■ WORK INSTRUCTIONS ■
Search the data for the word "Hneg". Reproduce every line where it is found.

(Records from a data collection)
__________

Lemma flat_derive n t : is_derive (flat n) t (flat (S (S n)) t - INR n * flat (S n) t).
Proof.
  destruct (Rtotal_order t 0) as [Hneg | [-> | Hpos]].
  - rewrite !flat_nonpos by lra; replace (0 - INR n * 0) with 0 by ring.
    apply (is_derive_ext_loc (fun _ => 0)); [| exact (is_derive_const 0 t)].
    apply (filter_imp (fun x => x < 0)); [| exact (open_lt 0 t Hneg)].
    intros x Hx; symmetry; apply flat_nonpos; lra.
  - rewrite !flat_nonpos by lra; replace (0 - INR n * 0) with 0 by ring.
    apply flat_derive_0.
  - apply (is_derive_ext_loc (fun x => exp (- / x) * (/ x) ^ n)).
    { apply (filter_imp (fun x => 0 < x)); [| exact (open_gt 0 t Hpos)].
      intros x Hx; unfold flat; destruct (Rlt_dec 0 x); [reflexivity | lra]. }
    unfold flat; destruct (Rlt_dec 0 t); [| lra].
    auto_derive; [lra |].
    destruct n as [|n]; [simpl; field; lra |].
    rewrite S_INR; simpl pred; simpl pow; field; lra.
Qed.

Lemma smooth_flat n : smooth (flat n).
Proof.
  intros k; revert n; induction k as [|k IH]; intros n; [exact I |].
  apply (Cn_S_intro k _ _ (flat_derive n)).
  apply Cn_plus; [apply IH | apply Cn_opp, Cn_mult; [apply Cn_const | apply IH]].
Qed.
Definition residually (C : group -> Prop) (G : group) : Prop :=
  forall g : G, g <> gone -> exists Q : group, C Q /\
    exists f : G -> Q, is_hom f /\ surjective f /\ f g <> gone.

(** G (with i : A -> G and stable letter t) is the special HNN extension
    < A, t | t^-1 h t = h  (h in H) >, characterised by the universal property
    of the presentation. *)
Definition is_special_HNN (A : group) (H : A -> Prop) (G : group)
    (i : A -> G) (t : G) : Prop :=
  is_hom i /\
  (forall h, H h -> gmul (ginv t) (gmul (i h) t) = i h) /\
  (forall (K : group) (f : A -> K) (k : K), is_hom f ->
     (forall h, H h -> gmul (ginv k) (gmul (f h) k) = f h) ->
     exists psi : G -> K, is_hom psi /\ (forall a, psi (i a) = f a) /\ psi t = k) /\
  (forall (K : group) (p1 p2 : G -> K), is_hom p1 -> is_hom p2 ->
     (forall a, p1 (i a) = p2 (i a)) -> p1 t = p2 t -> forall x, p1 x = p2 x).
Arguments is_special_HNN : clear implicits.

(* Let g <> 1 in the HNN extension G.  Letting G act on normal forms
   a0 t^e1 r1 ... t^en rn, with the ri coset representatives of H in A, shows that g has
   such a form.  As H is finite, one homomorphism f : A -> Q onto a group of C keeps a0
   and the finitely many elements h^-1 ri nontrivial.  Send A to Q in the wreath product
   P Wr Q and t to the base element x |-> mu (chosen representative of x f(H)); since
   this element commutes with f(H), we get a homomorphism of G.  The coordinate at
   f(a0)^-1 of the image of g is mu applied to a reduced word over the alphabet Q, and
   free groups are residually R (through iterated wreath products of R-groups), so a
   suitable mu keeps it nontrivial.  Finally P Wr Q lies in C: it is R-by-C, its base
   P^Q being isomorphic to the base P^K of the R-group P Wr K, for K in R with
   |K| = |Q|. *)

From Stdlib Require Import List Classical ClassicalEpsilon FunctionalExtensionality
  ProofIrrelevance PropExtensionality PeanoNat Lia Bool Wf_nat.
Import ListNotations.

Arguments gmulA {g} x y z.
Arguments gmul1l {g} x.
Arguments gmul1r {g} x.
Arguments gmulVl {g} x.
Arguments gmulVr {g} x.

Definition dec (P : Prop) : {P} + {~ P} := excluded_middle_informative P.

Section GroupFacts.
Context {G : group}.
Implicit Types x y z : G.

Lemma mulg_injl a x y : gmul a x = gmul a y -> x = y.
Proof.
  intro E. rewrite <- (gmul1l x), <- (gmul1l y), <- (gmulVl a), <- !gmulA, E.
  reflexivity.
Qed.

Lemma mulg_injr a x y : gmul x a = gmul y a -> x = y.
Proof.
  intro E. rewrite <- (gmul1r x), <- (gmul1r y), <- (gmulVr a), !gmulA, E.
  reflexivity.
Qed.

Lemma mulg_eq1_invr x y : gmul x y = gone -> y = ginv x.
Proof. intro E. apply (mulg_injl x). rewrite E, gmulVr. reflexivity. Qed.

Lemma invgK x : ginv (ginv x) = x.
Proof. symmetry. apply mulg_eq1_invr, gmulVl. Qed.

Lemma invg1 : ginv (gone : G) = gone.
Proof. symmetry. apply mulg_eq1_invr, gmul1l. Qed.

Lemma invgM x y : ginv (gmul x y) = gmul (ginv y) (ginv x).
Proof.
  symmetry. apply mulg_eq1_invr.
  rewrite gmulA, <- (gmulA x y), gmulVr, gmul1r, gmulVr. reflexivity.
Qed.

Lemma invg_eq1 x : ginv x = gone -> x = gone.
Proof. intro E. rewrite <- (invgK x), E, invg1. reflexivity. Qed.

Lemma mulKg x y : gmul (ginv x) (gmul x y) = y.
Proof. rewrite gmulA, gmulVl, gmul1l. reflexivity. Qed.

Lemma mulKVg x y : gmul x (gmul (ginv x) y) = y.
Proof. rewrite gmulA, gmulVr, gmul1l. reflexivity. Qed.

Lemma mulgK x y : gmul (gmul y x) (ginv x) = y.
Proof. rewrite <- gmulA, gmulVr, gmul1r. reflexivity. Qed.

Lemma mulgKV x y : gmul (gmul y (ginv x)) x = y.
Proof. rewrite <- gmulA, gmulVl, gmul1r. reflexivity. Qed.

Fixpoint expg x (n : nat) : G :=
  match n with 0 => gone | S n => gmul (expg x n) x end.

Lemma expgD x m n : expg x (m + n) = gmul (expg x m) (expg x n).
Proof.
  induction n as [|n IH]; simpl.
  - rewrite Nat.add_0_r, gmul1r. reflexivity.
  - rewrite Nat.add_succ_r; simpl. rewrite IH, gmulA. reflexivity.
Qed.

Lemma expgM x m n : expg x (m * n) = expg (expg x m) n.
Proof.
  induction n as [|n IH]; simpl.
  - rewrite Nat.mul_0_r. reflexivity.
  - rewrite Nat.mul_succ_r, expgD, IH. reflexivity.
Qed.

Lemma expg1n n : expg gone n = gone.
Proof. induction n as [|n IH]; simpl; [|rewrite IH, gmul1l]; reflexivity. Qed.

Lemma expgC x n : gmul (expg x n) x = gmul x (expg x n).
Proof.
  induction n as [|n IH]; simpl.
  - rewrite gmul1l, gmul1r. reflexivity.
  - rewrite (gmulA x), <- IH. reflexivity.
Qed.

Lemma expgVn x n : expg (ginv x) n = ginv (expg x n).
Proof.
  induction n as [|n IH]; simpl.
  - rewrite invg1. reflexivity.
  - rewrite IH, expgC, invgM. reflexivity.
Qed.

End GroupFacts.

Section Homomorphisms.
Context {G K : group} (f : G -> K) (hf : is_hom f).

Lemma hom1 : f gone = gone.
Proof. apply (mulg_injl (f gone)). rewrite <- hf, !gmul1r. reflexivity. Qed.

Lemma homV x : f (ginv x) = ginv (f x).
Proof. apply mulg_eq1_invr. rewrite <- hf, gmulVr. exact hom1. Qed.

Lemma hom_injective_ker : (forall x, f x = gone -> x = gone) -> injective f.
Proof.
  intros hker x y E. apply (mulg_injr (ginv y)). rewrite gmulVr. apply hker.
  rewrite hf, homV, E. apply gmulVr.
Qed.

Lemma isomorphic_of_bijective_hom : injective f -> surjective f -> isomorphic K G.
Proof.
  intros hi hs.
  pose (g y := proj1_sig (constructive_indefinite_description _ (hs y))).
  assert (fgK : forall y, f (g y) = y)
    by (intro y; exact (proj2_sig (constructive_indefinite_description _ (hs y)))).
  exists g. split; [|split].
  - intros x y. apply hi. rewrite hf, !fgK. reflexivity.
  - intros x y E. rewrite <- (fgK x), <- (fgK y), E. reflexivity.
  - intro x. exists (f x). apply hi, fgK.
Qed.

Lemma image_subgroup : is_subgroup (fun y => exists x, f x = y).
Proof.
  split; [|split].
  - exists gone. exact hom1.
  - intros y z [a <-] [b <-]. exists (gmul a b). apply hf.
  - intros y [a <-]. exists (ginv a). apply homV.
Qed.

End Homomorphisms.

Section Subgroups.
Context {G : group} {H : G -> Prop} (hH : is_subgroup H).

Lemma subgroup1 : H gone.
Proof. apply hH. Qed.

Lemma subgroupM x y : H x -> H y -> H (gmul x y).
Proof. apply hH. Qed.

Lemma subgroupV x : H x -> H (ginv x).
Proof. apply hH. Qed.

End Subgroups.

Lemma trivial_normal (G : group) : is_normal (fun x : G => x = gone).
Proof.
  split; [split; [|split]|].
  - reflexivity.
  - intros x y -> ->. apply gmul1l.
  - intros x ->. apply invg1.
  - intros x g ->. rewrite gmul1l. apply gmulVl.
Qed.

Section ResiduallyC.
Variables (C : group -> Prop) (hCs : subgroup_closed C).

Lemma hom_onto_image {G W : group} (f : G -> W) : is_hom f -> C W ->
  exists Q : group, C Q /\ exists g : G -> Q, is_hom g /\ surjective g /\
    forall x, g x = gone <-> f x = gone.
Proof.
  intros hf hW. pose proof (image_subgroup f hf) as hI.
  exists (subgrp hI). split; [apply hCs, hW|].
  exists (fun x => exist _ (f x) (ex_intro _ x eq_refl)). split; [|split].
  - intros x y. apply sub_eq, hf.
  - intros [y [x E]]. exists x. apply sub_eq, E.
  - intro x. split; intro E.
    + exact (f_equal (@proj1_sig _ _) E).
    + apply sub_eq, E.
Qed.

Lemma residually_of_homs (G : group) :
  (forall g : G, g <> gone -> exists W, C W /\ exists f : G -> W, is_hom f /\ f g <> gone) ->
  residually C G.
Proof.
  intros hsep g hg. destruct (hsep g hg) as [W [hW [f [hf hfg]]]].
  destruct (hom_onto_image f hf hW) as [Q [hQ [q [hq [hqs hqk]]]]].
  exists Q. split; [exact hQ|]. exists q. split; [exact hq|]. split; [exact hqs|].
  rewrite hqk. exact hfg.
Qed.

Variable (hCp : product_closed C).

Lemma class_has_trivial_group (T : group) : C T -> exists Z, C Z /\ forall x y : Z, x = y.
Proof.
  intro hT. exists (subgrp (proj1 (trivial_normal T))). split; [apply hCs, hT|].
  intros [x hx] [y hy]. apply sub_eq. simpl. congruence.
Qed.

Lemma residually_separates_list (A : group) (T : group) : C T -> residually C A ->
  forall S : list A, exists Q, C Q /\ exists f : A -> Q, is_hom f /\
    forall x, In x S -> x <> gone -> f x <> gone.
Proof.
  intros hT hA S. induction S as [|x S IH].
  - destruct (class_has_trivial_group T hT) as [Z [hZ hZ1]].
    exists Z. split; [exact hZ|]. exists (fun _ => gone). split; [intros a b; apply hZ1|].
    intros _ [].
  - destruct IH as [Q1 [hQ1 [f1 [hf1 hk1]]]].
    destruct (classic (x = gone)) as [Ex|Ex].
    + exists Q1. split; [exact hQ1|]. exists f1. split; [exact hf1|].
      intros y [<-|Hy] Hn; [contradiction|]. auto.
    + destruct (hA x Ex) as [Q2 [hQ2 [f2 [hf2 [_ hk2]]]]].
      exists (prodgrp Q1 Q2). split; [apply hCp; assumption|].
      exists (fun a => (f1 a, f2 a)). split.
      * intros a b. rewrite hf1, hf2. reflexivity.
      * intros y [<-|Hy] Hn E; [exact (hk2 (f_equal snd E))|].
        exact (hk1 y Hy Hn (f_equal fst E)).
Qed.

End ResiduallyC.

(** * Wreath products in a root class *)

Section Wreath.
Variables P Q : group.

Definition wr_mul (a b : (Q -> P) * Q) : (Q -> P) * Q :=
  (fun x => gmul (fst a x) (fst b (gmul x (snd a))), gmul (snd a) (snd b)).

Definition wr_inv (a : (Q -> P) * Q) : (Q -> P) * Q :=
  (fun x => ginv (fst a (gmul x (ginv (snd a)))), ginv (snd a)).

(* The unrestricted wreath product P^Q ⋊ Q, with Q acting on P^Q by right translation. *)
Definition wr : group.
Proof.
  refine (@Group ((Q -> P) * Q)%type wr_mul (fun _ => gone, gone) wr_inv _ _ _ _ _);
  intros; repeat match goal with p : (_ * _)%type |- _ => destruct p end;
  unfold wr_mul, wr_inv; simpl; f_equal; try apply functional_extensionality; intros;
  rewrite ?gmulA, ?gmul1l, ?gmul1r, ?mulgK, ?mulgKV, ?gmulVl, ?gmulVr;
  reflexivity.
Defined.

Lemma wr_base_normal : is_normal (fun a : wr => snd a = gone).
Proof.
  split; [split; [|split]|].
  - reflexivity.
  - intros x y Ex Ey. simpl. rewrite Ex, Ey. apply gmul1l.
  - intros x Ex. simpl. rewrite Ex. apply invg1.
  - intros x g Ex. simpl. rewrite Ex, gmul1l. apply gmulVl.
Qed.

Lemma wr_quotient_base (C : group -> Prop) : C Q ->
  quotient_in C wr (fun a => snd a = gone).
Proof.
  intro hQ. exists Q. split; [exact hQ|]. exists (@snd _ _). split; [|split].
  - intros x y. reflexivity.
  - intro q. exists (fun _ => gone, q). reflexivity.
  - intro x. reflexivity.
Qed.

End Wreath.

Arguments wr_base_normal {P Q}.

Section RootClass.
Variables (R : group -> Prop) (hR : root_class R).

(* Gruenberg gives a normal L ⊆ K with G/L in R, and L is trivial by core-freeness. *)
Lemma root_class_of_core_free (G : group) (N K : G -> Prop) (hN : is_normal N) :
  (forall x, K x -> N x) ->
  is_normal (G := subgrp (proj1 hN)) (fun x => K (proj1_sig x)) ->
  quotient_in R G N ->
  quotient_in R (subgrp (proj1 hN)) (fun x => K (proj1_sig x)) ->
  (forall L : G -> Prop, is_normal L -> (forall x, L x -> K x) -> forall x, L x -> x = gone) ->
  R G.
Proof.
  intros hKN hK hGN hNK hcore. destruct hR as [hiso [_ [_ [_ hgr]]]].
  destruct (hgr G N K hN hKN hK hGN hNK) as [L [hL [hLK [Q [hQ [f [hf [hfs hfk]]]]]]]].
  assert (hfi : injective f).
  { apply (hom_injective_ker f hf). intros x Ex. apply (hcore L hL hLK), hfk, Ex. }
  apply (hiso Q G); [|exact hQ].
  exact (isomorphic_of_bijective_hom f hf hfi hfs).
Qed.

__________

■ ANSWER SPACE ■
  destruct (Rtotal_order t 0) as [Hneg | [-> | Hpos]].
    apply (filter_imp (fun x => x < 0)); [| exact (open_lt 0 t Hneg)].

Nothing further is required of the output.